◆ THE PROBLEM: Below are some records. Print exactly the lines between the one holding "Definition tr := (St T * Lab T * St T)%type." and the one holding "sg) [:: @sI T]", inclusive, and nothing else.

◆ DATA TO EXAMINE:
(* Let $\alpha\in[0,1]$ and let $\mathbf u:[0,\infty)\to\mathbb R^N$ be a differentiable solution of $$\frac{d\mathbf u}{dt}+\alpha\, D A\mathbf u+(1-\alpha)\big(A D\mathbf u+U D\mathbf a\big)=\mathbf 0,\qquad U=\operatorname{diag}(\mathbf u).$$ Define the product-rule defect $\Theta:=DA-AD-\operatorname{diag}(D\mathbf a)$ and $\gamma:=\|\operatorname{diag}(D\mathbf a)+(2\alpha-1)\Theta\|_H$. Then for all $t\ge0$ $$\frac{d}{dt}\|\mathbf u\|_H^2=-\mathbf u^T H\big(\operatorname{diag}(D\mathbf a)+(2\alpha-1)\Theta\big)\mathbf u\le\gamma\|\mathbf u\|_H^2,$$ and consequently $\|\mathbf u(t)\|_H^2\le e^{\gamma t}\|\mathbf u(0)\|_H^2$. In particular, for $\alpha=\tfrac12$ one has $\gamma=\|D\mathbf a\|_\infty=\max_i|(D\mathbf a)_i|$.
   Context: Fix $N\ge2$. $H=\operatorname{diag}(H_{11},\dots,H_{NN})$ with all $H_{ii}>0$; $Q\in\mathbb R^{N\times N}$ satisfies $Q+Q^T=0$ (periodic SBP operator); $D:=H^{-1}Q$. The vector $\mathbf a\in\mathbb R^N$ has entries $a_i>0$ (samples of a positive coefficient $a(x)$ at the nodes) and $A=\operatorname{diag}(\mathbf a)$. For $\mathbf v\in\mathbb R^N$, $\|\mathbf v\|_H^2=\sum_i H_{ii}v_i^2$, and for a matrix $M$, $\|M\|_H=\sup_{\mathbf v\neq0}\|M\mathbf v\|_H/\|\mathbf v\|_H$ (induced norm). *)

From HB Require Import structures.
From mathcomp Require Import all_boot all_order all_algebra.
From mathcomp Require Import all_classical all_reals all_analysis.
Set Implicit Arguments. Unset Strict Implicit. Unset Printing Implicit Defensive.
Import Order.TTheory GRing.Theory Num.Theory.
Import numFieldNormedType.Exports.
Local Open Scope classical_set_scope.
Local Open Scope ring_scope.

Section Defs.
Variables (R : realType) (N : nat).

Definition Hmat (h : 'cV[R]_N) : 'M[R]_N := diag_mx h^T.

Definition Hnorm2 (h v : 'cV[R]_N) : R := \sum_(i < N) h i 0 * (v i 0) ^+ 2.
Definition Hnorm (h v : 'cV[R]_N) : R := Num.sqrt (Hnorm2 h v).

Definition Hopnorm (h : 'cV[R]_N) (M : 'M[R]_N) : R :=
  sup [set Hnorm h (M *m v) / Hnorm h v | v in [set v : 'cV[R]_N | v != 0]].

Definition Dmat (h : 'cV[R]_N) (Q : 'M[R]_N) : 'M[R]_N := invmx (Hmat h) *m Q.

Definition Theta (h : 'cV[R]_N) (Q : 'M[R]_N) (a : 'cV[R]_N) : 'M[R]_N :=
  Dmat h Q *m diag_mx a^T - diag_mx a^T *m Dmat h Q - diag_mx (Dmat h Q *m a)^T.

End Defs.

(* Derivative of a real function on [0, oo): at t >= 0, the difference
   quotient converges to l as h -> 0, h <> 0, restricted to t + h >= 0
   (so it is the two-sided derivative for t > 0 and the right derivative
   at t = 0). *)
Definition deriv_nonneg {R : realType} (f : R -> R) (t l : R) : Prop :=
  (fun s : R => s^-1 * (f (t + s) - f t))
    @ within (fun s : R => 0 <= t + s) (0 : R)^' --> l.

From HB Require Import structures.
From mathcomp Require Import all_boot all_order all_algebra.
From mathcomp Require Import all_classical all_reals all_analysis.
From mathcomp Require Import ring lra.
Set Implicit Arguments.
Unset Strict Implicit.
Unset Printing Implicit Defensive.

Import Order.TTheory GRing.Theory Num.Theory.
Import numFieldNormedType.Exports.
Local Open Scope classical_set_scope.
Local Open Scope ring_scope.

(* Energy method.  Since H D = Q is skew-symmetric (summation by parts), the
   terms alpha D A u and (1 - alpha) A D u contribute to d/dt u^T H u only
   through (2 alpha - 1) D A u, which is how the product-rule defect Theta
   enters: d/dt ||u||_H^2 = - u^T H B u with B = diag(D a) + (2 alpha - 1) Theta.
   Cauchy-Schwarz in the H-inner product bounds the right-hand side by
   ||B||_H ||u||_H^2, and Gronwall's lemma gives the exponential bound.  For
   alpha = 1/2 the matrix B is diagonal, and the induced H-norm of a diagonal
   matrix is its largest entry in absolute value, attained at a unit vector. *)

Section DerivNonneg.
Variable R : realType.
Implicit Types (f df : R -> R) (t l g : R).
Local Notation at_nonneg t := (within (fun s : R => 0 <= t + s) (0 : R)^').

Lemma deriv_nonneg_cvg f t l : deriv_nonneg f t l ->
  (fun s => f (t + s)) @ at_nonneg t --> f t.
Proof.
move=> dfl.
have eq_f : {near at_nonneg t,
    (fun s => f t + s * (s^-1 * (f (t + s) - f t))) =1 (fun s => f (t + s))}.
  rewrite near_withinE /dnbhs near_withinE; apply: nearW => s /= s0 _.
  by rewrite mulrA mulfV // mul1r addrC subrK.
apply: cvg_trans (near_eq_cvg eq_f) _.
suff : (fun s => f t + s * (s^-1 * (f (t + s) - f t))) @ at_nonneg t
    --> f t + 0 * l by rewrite mul0r addr0.
apply: cvgD; first exact: cvg_cst.
apply: cvgM => //.
by do 2 apply: cvg_within_filter; exact: cvg_id.
Qed.

Lemma deriv_nonneg_is_derive f t l : 0 < t -> deriv_nonneg f t l ->
  is_derive t 1 f l.
Proof.
move=> t_gt0 dfl.
have dfl0 : (fun s => s^-1 * (f (t + s) - f t)) @ 0^' --> l.
  apply: cvg_trans dfl; apply: cvg_fmap2 => A; rewrite /within /= => A0.
  have nonneg : \forall s \near 0^', 0 <= t + s.
    apply: nbhs_dnbhs; exists t => //= s; rewrite /ball /= sub0r normrN.
    by move/ltr_normlP => [? _]; lra.
  by apply: filterS2 nonneg A0 => s s_nonneg; apply.
have quotE : (fun s : R => s^-1 *: ((f \o shift t) (s *: 1) - f t)) =
             (fun s => s^-1 * (f (t + s) - f t)).
  by apply/funext => s /=; rewrite (addrC t) [s *: 1]mulr1.
split; first by rewrite /derivable quotE; exact: cvgP dfl0.
by rewrite /derive quotE; exact: cvg_lim.
Qed.
(* There exist a transition system $\mathcal T$, an information source $\sigma_h$, and a dynamic heuristic $h$ over $\sigma_h$ that is dyn-admissible, dyn-consistent and dyn-monotonic (and whose information is only changed by update operations along transitions) such that some run of Dynamic A* with \texttt{reeval} set to false using $h$ reopens a state, i.e., removes a state from Closed. Moreover, in this run, omitting the reopening would cause the algorithm to return a suboptimal solution.
   Context: A transition system is $\mathcal T=\langle S,L,c,T,s_I,S_G\rangle$ with finite states $S$, finite labels $L$, cost function $c:L\to\mathbb R_{\ge0}$, transitions $T\subseteq S\times L\times S$, initial state $s_I$, goal states $S_G\subseteq S$; $h^*(s)$ is the minimal cost of a path from $s$ to a goal ($\infty$ if none). An information source $\sigma$ consists of a set $\mathcal I_\sigma$, $\iota_0^\sigma\in\mathcal I_\sigma$, $\mathrm{update}_\sigma:\mathcal I_\sigma\times T\to\mathcal I_\sigma$, $\mathrm{refine}_\sigma:\mathcal I_\sigma\times S\to\mathcal I_\sigma$. Reachable information: $\iota_n$ is reachable if obtained from $\iota_0^\sigma$ by a sequence of refine steps on states and update steps on transitions $e_1,\dots,e_n$, where each refined state and each origin of an updated transition is $s_I$ or the target of an earlier updated transition. A dynamic heuristic over $\sigma$ is $h:S\times\mathcal I_\sigma\to\mathbb R_{\ge0}\cup\{\infty\}$. It is dyn-admissible if $h(s,\iota)\le h^*(s)$; dyn-consistent if $h(s,\iota)\le c(\ell)+h(s',\iota)$ for all $\langle s,\ell,s'\rangle\in T$; each for all states and all reachable $\iota$; and dyn-monotonic if $h(s,\iota)\le h(s,\mathrm{update}_\sigma(\iota,t))$ and $h(s,\iota)\le h(s,\mathrm{refine}_\sigma(\iota,s'))$ for all reachable $\iota$, all $s,s'\in S$, all $t\in T$. Parent source $\sigma_p$: $\mathcal I_{\sigma_p}$ = partial functions $S\rightharpoonup\mathbb R_{\ge0}\times(T\cup\{\bot\})$; $\iota_0=\{s_I\mapsto\langle0,\bot\rangle\}$; refine is the identity; $\mathrm{update}(\iota,\langle s,\ell,s'\rangle)$ with $\iota(s)=\langle g,\cdot\rangle$ changes only $s'$, setting it to $\langle g+c(\ell),\langle s,\ell,s'\rangle\rangle$ if $\iota(s')$ is undefined or has $g$-component $\ge g+c(\ell)$, otherwise unchanged. Dynamic A* takes $\mathcal T$, sources $\sigma_p,\sigma_h$, a dynamic heuristic $h$ over $\sigma_h$ and a Boolean flag \texttt{reeval}. Notation: at any moment $g(s)$ is the $g$-component of the current $\mathcal I(\sigma_p)(s)$ and $h(s)$ denotes $h(s,\mathcal I(\sigma_h))$ for the current $\mathcal I(\sigma_h)$. Open is a priority queue of entries $\langle s,g,h\rangle$ (duplicates allowed), popped by minimal stored value $g+h$ (ties arbitrary). Algorithm: 1. $\mathcal I(\sigma):=\iota_0^\sigma$ for both sources; $S_{\mathrm{known}}:=\{s_I\}$; Closed $:=\emptyset$; Open empty. If $h(s_I)<\infty$ insert $\langle s_I,g(s_I),h(s_I)\rangle$. 2. While Open is nonempty: pop an entry $\langle s,\hat g,\hat h\rangle$ of minimal $\hat g+\hat h$. If $s\in$ Closed, continue with the next iteration. Otherwise set $\mathcal I(\sigma):=\mathrm{refine}_\sigma(\mathcal I(\sigma),s)$ for both sources. If \texttt{reeval} is true and $\hat h<h(s)$: if $h(s)<\infty$ insert $\langle s,g(s),h(s)\rangle$; continue with the next iteration (this is a re-evaluation). Otherwise add $s$ to Closed ($s$ is expanded). If $s\in S_G$, return the path obtained by following the parent pointers of $\mathcal I(\sigma_p)$ from $s$ back to $s_I$. Otherwise, for each $t=\langle s,\ell,s'\rangle\in T$ in some order: let $old:=g(s')$ if $s'\in S_{\mathrm{known}}$ and undefined otherwise; set $\mathcal I(\sigma):=\mathrm{update}_\sigma(\mathcal I(\sigma),t)$ for both sources; add $s'$ to $S_{\mathrm{known}}$; if $h(s')=\infty$ skip $s'$; else if $old$ is undefined insert $\langle s',g(s'),h(s')\rangle$; else if $old>g(s')$, remove $s'$ from Closed if it is there (reopening) and insert $\langle s',g(s'),h(s')\rangle$. 3. Return ''unsolvable''. *)

From mathcomp Require Import all_boot.
From Stdlib Require Import Reals.

Set Implicit Arguments.
Unset Strict Implicit.
Unset Printing Implicit Defensive.

Inductive ext := Fin of R | Inf.

Definition ext_le (x y : ext) : Prop :=
  match x, y with
  | _, Inf => True
  | Inf, Fin _ => False
  | Fin a, Fin b => (a <= b)%R
  end.

Definition ext_lt (x y : ext) : Prop :=
  match x, y with
  | Inf, _ => False
  | Fin _, Inf => True
  | Fin a, Fin b => (a < b)%R
  end.

Definition ext_addR (c : R) (x : ext) : ext :=
  match x with Fin a => Fin (c + a)%R | Inf => Inf end.

Record TS := MkTS {
  St : finType;
  Lab : finType;
  cost : Lab -> R;
  cost_ge0 : forall l, (0 <= cost l)%R;
  Tr : {set (St * Lab * St)};
  sI : St;
  goal : {set St}
}.

Section DynAstar.
Variable T : TS.

Definition tr := (St T * Lab T * St T)%type.
Definition t_from (t : tr) : St T := t.1.1.
Definition t_lab (t : tr) : Lab T := t.1.2.
Definition t_to (t : tr) : St T := t.2.

Inductive is_path : St T -> seq tr -> St T -> Prop :=
| path_nil s : is_path s [::] s
| path_cons t p s' : t \in @Tr T -> is_path (t_to t) p s' ->
                     is_path (t_from t) (t :: p) s'.

Definition path_cost (p : seq tr) : R :=
  foldr (fun t acc => (@cost T (t_lab t) + acc)%R) 0%R p.

(** is_hstar s v : v = h^*(s), the minimal cost of a path from s to a goal
    state (∞ if there is none). *)
Definition is_hstar (s : St T) (v : ext) : Prop :=
  match v with
  | Inf => forall p g, g \in @goal T -> ~ is_path s p g
  | Fin r =>
      (exists p g, g \in @goal T /\ is_path s p g /\ path_cost p = r) /\
      (forall p g, g \in @goal T -> is_path s p g -> (r <= path_cost p)%R)
  end.

Record source := MkSource {
  Info : Type;
  info0 : Info;
  src_update : Info -> tr -> Info;
  src_refine : Info -> St T -> Info
}.

(** Reachable information: K lists s_I and the targets of the transitions
    updated so far. *)
Inductive reachable (sg : source) : Info sg -> seq (St T) -> Prop :=
| reach0 : reachable (info0 sg) [:: @sI T]
| reach_ref i K s : reachable i K -> s \in K ->
                    reachable (src_refine i s) K
| reach_upd i K t : reachable i K -> t \in @Tr T -> t_from t \in K ->
                    reachable (src_update i t) (t_to t :: K).

Definition reachable_info (sg : source) (i : Info sg) : Prop :=
  exists K, reachable i K.

Definition heuristic (sg : source) := St T -> Info sg -> ext.

Definition heur_nonneg (sg : source) (h : heuristic sg) : Prop :=
  forall s i, match h s i with Fin r => (0 <= r)%R | Inf => True end.

Definition dyn_admissible (sg : source) (h : heuristic sg) : Prop :=
  forall s i v, reachable_info i -> is_hstar s v -> ext_le (h s i) v.

Definition dyn_consistent (sg : source) (h : heuristic sg) : Prop :=
  forall t i, t \in @Tr T -> reachable_info i ->
    ext_le (h (t_from t) i) (ext_addR (@cost T (t_lab t)) (h (t_to t) i)).

Definition dyn_monotonic (sg : source) (h : heuristic sg) : Prop :=
  forall i, reachable_info i ->
    (forall s t, t \in @Tr T -> ext_le (h s i) (h s (src_update i t))) /\
    (forall s s', ext_le (h s i) (h s (src_refine i s'))).

(** The information of the source is changed only by update operations:
    refine is the identity. *)
Definition refine_trivial (sg : source) : Prop :=
  forall (i : Info sg) s, src_refine i s = i.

◆ OUTPUT FOR THIS EXERCISE:
Definition tr := (St T * Lab T * St T)%type.
Definition t_from (t : tr) : St T := t.1.1.
Definition t_lab (t : tr) : Lab T := t.1.2.
Definition t_to (t : tr) : St T := t.2.

Inductive is_path : St T -> seq tr -> St T -> Prop :=
| path_nil s : is_path s [::] s
| path_cons t p s' : t \in @Tr T -> is_path (t_to t) p s' ->
                     is_path (t_from t) (t :: p) s'.

Definition path_cost (p : seq tr) : R :=
  foldr (fun t acc => (@cost T (t_lab t) + acc)%R) 0%R p.

(** is_hstar s v : v = h^*(s), the minimal cost of a path from s to a goal
    state (∞ if there is none). *)
Definition is_hstar (s : St T) (v : ext) : Prop :=
  match v with
  | Inf => forall p g, g \in @goal T -> ~ is_path s p g
  | Fin r =>
      (exists p g, g \in @goal T /\ is_path s p g /\ path_cost p = r) /\
      (forall p g, g \in @goal T -> is_path s p g -> (r <= path_cost p)%R)
  end.

Record source := MkSource {
  Info : Type;
  info0 : Info;
  src_update : Info -> tr -> Info;
  src_refine : Info -> St T -> Info
}.

(** Reachable information: K lists s_I and the targets of the transitions
    updated so far. *)
Inductive reachable (sg : source) : Info sg -> seq (St T) -> Prop :=
| reach0 : reachable (info0 sg) [:: @sI T]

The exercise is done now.